Power, Profit, and the Cost of Intervention

 

Power, Profit, and the Cost of Intervention

Hindi Version: https://rakeshinsightfulgaze.blogspot.com/2026/01/blog-post_3.html

When the United States moves toward military confrontation with a country like Venezuela, much of the world sees the imbalance immediately. It resembles an elephant boasting about a victory over a mouse. The display of power may be decisive, but it raises questions about motive, proportionality, and legitimacy.

Historically, the United States has relied on economic sanctions to pressure large or geopolitically influential nations. Yet when dealing with smaller or less powerful countries such as Grenada, Nicaragua, or Panama, the response has often escalated to direct military intervention. This inconsistency invites scrutiny. Why are some nations pressured economically while others are met with force?

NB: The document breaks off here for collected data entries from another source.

(* For every positive integer $r$, $\displaystyle \bar T(\{1\}_r)=\frac{(-1)^r}{r!}\left(\frac{\pi}{2}\right)^r.$
   Context: $\{1\}_r$ denotes the sequence of $r$ ones. $\bar T(\{1\}_r):=2^r\sum_{0<n_1<\cdots<n_r}\frac{(-1)^{n_r}}{(2n_1-1)(2n_2-2)\cdots(2n_r-r)}$ (conditionally convergent). *)

From Stdlib Require Import Reals List.
From Coquelicot Require Import Coquelicot.
Open Scope R_scope.

(* tdep k m = sum over 0 < n_1 < ... < n_k = m of
     1/((2 n_1 - 1)(2 n_2 - 2) ... (2 n_k - k)),
   with the convention tdep 0 m = [m = 0] (empty chain ending at n_0 = 0). *)
Fixpoint tdep (k m : nat) : R :=
  match k with
  | O => if Nat.eqb m 0 then 1 else 0
  | S k' => / (2 * INR m - INR (S k')) *
            fold_right Rplus 0 (map (tdep k') (List.seq 0 m))
  end.

Definition Tbar_partial (r N : nat) : R :=
  sum_f_R0 (fun m => (-1) ^ m * tdep r m) N.

(* \bar T({1}_r) := 2^r * lim_{N -> oo} Tbar_partial r N  (conditionally
   convergent, summed by the largest index). *)

From Stdlib Require Import Reals List.
From Coquelicot Require Import Coquelicot.
From Stdlib Require Import Lra Lia Psatz Arith.
Open Scope R_scope.

(* Write [tdep k m] for the sum over chains ending at n_k = m and
   consider the truncated generating functions
     gen k N y = sum_{m < N} (-1)^m tdep k m y^(2m-k),
   so that 2^r Tbar_partial r N = 2^r gen r (N+1) 1.  The recursion defining
   [tdep] says that the derivative of gen (k+1) N is a series whose Abel
   transform equals -gen k N / (1 + y^2), up to a boundary term carrying the
   partial sum tsum k N = sum_{m < N} tdep k m.  On the other side,
   atan_power k y = (-1)^k atan(y)^k / k! satisfies exactly
   (atan_power (k+1))' = - atan_power k / (1 + y^2).  Integrating the
   difference over [0, y] (a mean value comparison) shows by induction on k
   that gen k N converges to atan_power k uniformly on [0, 1], provided the
   boundary terms tsum k N / (2N - k + 1) tend to 0; this follows from the
   bound tsum k N <= 2^k sqrt N.  Evaluating at y = 1, where atan 1 = PI/4,
   gives the theorem. *)

Fixpoint tsum (k N : nat) : R :=
  match N with O => 0 | S N' => tsum k N' + tdep k N' end.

There is no question that many leaders in these countries have governed poorly, often prioritizing personal gain over public welfare and denying citizens basic services. However, reducing these crises solely to local corruption ignores a broader and more uncomfortable reality. Many of the structural problems in these nations are deeply influenced by foreign economic interests, particularly American corporate and billionaire investors who view these countries primarily as opportunities for extraction and profit.

Natural resources, prime real estate, and strategic locations are frequently treated as commodities to be acquired, not assets belonging to sovereign nations and their people. The dynamic mirrors colonial-era practices, where local populations were marginalized while foreign elites accumulated wealth. While modern Britain has made visible progress in confronting its colonial legacy, including political leadership that reflects its diversity, elite economic behavior has often changed far less than public values.

At home, most Americans have little understanding of what Venezuela has done to warrant such intense attention, or why military force is framed as necessary. What they do understand, once costs are revealed, is that these interventions consume billions of taxpayer dollars. Defense contracts, private security, logistics, and reconstruction efforts are routinely billed at premium rates, with the primary beneficiaries being large corporations rather than the public.

Equally troubling is the erosion of democratic oversight. Military actions of this scale have proceeded without clear authorization from Congress, concentrating power within the executive branch. Over time, this pattern has contributed to trillions of dollars in national debt, much of it tied to defense spending that lacks transparency or meaningful public debate.

One justification sometimes offered is strategic necessity. As one U.S. military officer reportedly argued, South America contains a concentration of natural resources critical to next-generation technologies. From this perspective, intervention becomes a tool for securing future economic dominance. Yet framed this way, the forced removal of a foreign government appears less like a defense of democracy and more like a sophisticated form of resource theft. Under international law, such actions are illegal, regardless of how they are justified rhetorically.

This pattern extends beyond Latin America. In the case of Ukraine, the prolonged conflict suggests that neither side’s backers are fully committed to resolution. Russia appears intent on asserting regional dominance, particularly over Europe, rather than achieving outright victory. The United States, meanwhile, has sent mixed signals. Past demands that European nations shoulder more of NATO’s financial burden make a prolonged state of tension strategically convenient, if morally questionable.

What happened in Venezuela fits this broader pattern. A powerful nation flexes its military and economic strength to remind an entire region who holds authority. The outcome is fear, compliance, and instability, while ordinary taxpayers see no return on their investment.

This leads to a fundamental question: if American citizens are not the beneficiaries of these actions, who is?

The answer increasingly points to corporate interests that operate through democratic governments rather than being constrained by them. These entities influence which laws are passed, which governments are destabilized, and how natural resources and labor are extracted under legal frameworks that often violate both national constitutions and international law.

If democratic systems are to mean anything beyond formality, this relationship between corporate power, government authority, and military force must be confronted openly. Without accountability, intervention will continue to serve profit rather than people, and power will remain the primary justification for actions that undermine the very principles they claim to defend.